I can pick my fruit from an apple/ Like an inn,/Or can fill my fist where hazels/ Shut me in. This is from The Hermit's Song in Frank O'Connor's lovely book Kings, Lords & Commons. Lucky you if you have a hazel from which you can pick a fistfull, too. Hazels are rare enough in parts of the country, and anyway the grey squirrels often get there first, even to spoiling things by picking them before they ripen. Eileen McCracken tells us that "Hazel was once widespread to a degree that is hard to imagine today. .. . A pollen analysis made at Littleton bog, near Thurles in Tipperary showed that until just before the end of the seventeenth century, hazel pollen formed 30 to 40 per cent of all pollen grains, but after 1700 it formed less than 5 per cent." Elsewhere she sums up: "The end of the 18th century, too, saw the passing of the old landscape for ever." A remarkable use for hazel was in coopering. "Casks were hooped with either hazel or osier (willow) and after 1698 each cask for provisions had to be bound with twelve hoops (increased to sixteen for herring barrels in 1733.)" The book is The Irish Woods Since Tudor Times, 1971.
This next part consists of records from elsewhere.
Lemma shifted_xi_rate_le c k sigma l b xi0 h0 X Y V Z h :
  0 < c -> 0 < l -> 0 <= k <= 1 -> sigma < 0 -> 0 < h0 <= h ->
  X ^ 2 + k * Z ^ 2 <= xi0 -> xi0 <= k ->
  X ^ 2 + 4 * Y ^ 2 + Z ^ 2 = 1 - sigma / h ^ 2 ->
  sqrt 2 * Rabs V * h / l <= b ->
  2 * X * ((- X + 4 * c * Y * V + X * (X ^ 2 + k * Z ^ 2)) * h)
    + k * (2 * Z * ((- k + (X ^ 2 + k * Z ^ 2)) * Z * h))
  <= 2 * sqrt (2 * xi0) * (b * c * l) * sqrt (1 + Rabs sigma / h0 ^ 2).
Proof.
  intros Hc Hl Hk Hs Hh Hxi Hxik Hcon Hb.
  set (S := sqrt (1 + Rabs sigma / h0 ^ 2)).
  assert (Hsq2 : sqrt 2 * sqrt 2 = 2) by (apply sqrt_sqrt; lra).
  assert (Hsq2pos : 0 < sqrt 2) by (apply sqrt_lt_R0; lra).
  assert (HX : Rabs X <= sqrt xi0).
  { apply Rabs_le_sqrt. pose proof (pow2_ge_0 Z). nra. }
  assert (HY : 2 * Rabs Y <= S).
  { replace (2 * Rabs Y) with (Rabs (2 * Y)) by (rewrite Rabs_mult, Rabs_right; lra).
    apply Rabs_le_sqrt. pose proof (four_sq_le_of_constraint _ _ _ _ _ _ Hs Hh Hcon). lra. }
  assert (HV : sqrt 2 * (Rabs V * h) <= b * l).
  { apply (Rmult_le_compat_r l) in Hb; [| lra].
    replace (sqrt 2 * Rabs V * h / l * l) with (sqrt 2 * (Rabs V * h)) in Hb by (field; lra).
    exact Hb. }
  assert (Hrate : 2 * X * ((- X + 4 * c * Y * V + X * (X ^ 2 + k * Z ^ 2)) * h)
                  + k * (2 * Z * ((- k + (X ^ 2 + k * Z ^ 2)) * Z * h))
                = 2 * h * ((X ^ 2 + k * Z ^ 2) ^ 2 - (X ^ 2 + k ^ 2 * Z ^ 2))
                  + 8 * c * (X * Y * V * h)) by ring.
  assert (Hdiss := dissipation_le k X Z Hk ltac:(lra)).
  assert (Hcoupling : X * Y * V * h <= Rabs X * Rabs Y * (Rabs V * h)).
  { eapply Rle_trans; [apply Rle_abs |].
    rewrite !Rabs_mult, (Rabs_right h) by lra. lra. }
  assert (Hsqrt : sqrt (2 * xi0) = sqrt 2 * sqrt xi0)
    by (apply sqrt_mult; [lra | pose proof (sq_plus_scal_sq_ge0 k X Z (proj1 Hk)); lra]).
  (* 8 = 2 * sqrt 2 * 2 * sqrt 2 splits the coupling term along the three bounds above. *)
  assert (Hsplit : 8 * c * (Rabs X * Rabs Y * (Rabs V * h))
                   = 2 * c * sqrt 2 * Rabs X * (2 * Rabs Y) * (sqrt 2 * (Rabs V * h))).
  { replace (2 * c * sqrt 2 * Rabs X * (2 * Rabs Y) * (sqrt 2 * (Rabs V * h)))
      with (4 * c * (sqrt 2 * sqrt 2) * (Rabs X * Rabs Y * (Rabs V * h))) by ring.
    rewrite Hsq2. ring. }
  assert (Hbound : 2 * c * sqrt 2 * Rabs X * (2 * Rabs Y) * (sqrt 2 * (Rabs V * h))
                   <= 2 * c * sqrt 2 * sqrt xi0 * S * (b * l)).
  { pose proof (Rabs_pos X). pose proof (Rabs_pos Y). pose proof (Rabs_pos V).
    assert (0 <= 2 * c * sqrt 2) by (repeat apply Rmult_le_pos; lra).
    apply Rmult_le_compat;
      [repeat apply Rmult_le_pos; lra | apply Rmult_le_pos; [lra | nra] | | exact HV].
    apply Rmult_le_compat; [apply Rmult_le_pos; lra | lra | | exact HY].
    apply Rmult_le_compat_l; [lra | exact HX]. }
  rewrite Hrate, Hsqrt.
  assert (0 <= h) by lra.
  nra.
Qed.

Lemma Rge_ratio_of_le_mul A B C D T :
  0 < A -> 0 < B -> 0 < C -> D <= A * B * C * T -> T >= 1 / A * (1 / B) * (D / C).
Proof.
  intros HA HB HC HD. apply Rle_ge.
  replace (1 / A * (1 / B) * (D / C)) with (D / (A * B * C)) by (field; lra).
  apply (Rmult_le_reg_r (A * B * C)); [now repeat apply Rmult_lt_0_compat |].
  unfold Rdiv. rewrite Rmult_assoc, Rinv_l; [lra |].
  apply Rgt_not_eq. now repeat apply Rmult_lt_0_compat.
Qed.
(* Let $K$, $U$, $\Gamma$ be as in the context and let $M$ be a $U$-module. (1) If $u\in U$, $x\in M$ and $\mathbf q\in\operatorname{Supp}(\Gamma ux)$, then there exists $\mathbf p\in\operatorname{Ass}(\Gamma x)$ such that $\dfrac{\Gamma u\Gamma}{\mathbf q u\Gamma+\Gamma u\mathbf p}\neq 0$. (2) If all prime ideals in $\operatorname{Ass}(M)$ have the same coheight, then $\operatorname{Ass}(\Gamma(x+y))\subseteq\operatorname{Ass}(\Gamma x)\cup\operatorname{Ass}(\Gamma y)$ for all $x,y\in M$.
   Context: $K$ is an algebraically closed field of characteristic zero. $U$ is a $K$-algebra and $\Gamma\subseteq U$ a commutative $K$-subalgebra such that: (i) $\Gamma$ is finitely generated as a $K$-algebra; (ii) there are finitely many $u_1,\dots,u_n\in U$ generating $U$ as a $K$-algebra together with $\Gamma$; (iii) for every $u\in U$, $\Gamma u\Gamma$ is finitely generated both as a left and as a right $\Gamma$-module. Modules over $U$ are regarded as $\Gamma$-modules by restriction. $\operatorname{Supp}(N)=\{\mathbf p\in\operatorname{Spec}\Gamma:N_{\mathbf p}\ne0\}$; $\operatorname{Ass}(N)$ is the set of primes of the form $\operatorname{ann}_\Gamma(z)$, $z\in N$. Coheight: with $Z_0=\operatorname{Specm}\Gamma$ and $Z_i=Z_{i-1}\cup\operatorname{Max}(\operatorname{Spec}\Gamma\setminus Z_{i-1})$ ($\operatorname{Max}$ = inclusion-maximal elements), the coheight of $\mathbf p$ is the least $i$ with $\mathbf p\in Z_i$. *)

From HB Require Import structures.
From mathcomp Require Import all_boot all_order all_algebra.
Set Implicit Arguments. Unset Strict Implicit. Unset Printing Implicit Defensive.
Import GRing.Theory.
Local Open Scope ring_scope.

Section Defs.
Variables (K : fieldType) (U : algType K).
There is nothing very distinguished about the appearance of the hazel or coll. Charles Nelson defines it as "Deciduous tree or, most usually, a bushy shrub to 6 metres tall," but it has played a big part in history and literature. Hazel nut remains were found in Mesolithic houses which were excavated at Mount Sandel near Coleraine, a settlement first occupied about 9,000 years ago. Nelson reassures us that in certain areas hazel is abundant in scrub and woodland that develops on alkaline soils. "There are several superb wildwoods of hazel and ash in The Burren, County Clare." Hazel, he reminds us, is the tree of knowledge in Irish tradition and under the Laws of Neighbourhood, was granted the highest rank as a Nobel of the Wood, because of its nuts and staves. Certainly, in the distant and not-so-distant past, a fruit that would last all through winter was a good source of nourishment. (And they had no grey squirrels then, to tear away at the fruit. They possibly had the red.)
Not the handsomest tree or shrub, but to be cherished. Those ten or twelve feet long staves. You remember Yeats cutting and peeling a hazel wand, threading a berry and "caught a little silver trout." Y
*Trees of Ireland by E. Charles Nelson and Wendy F. Walsh (Lilliput).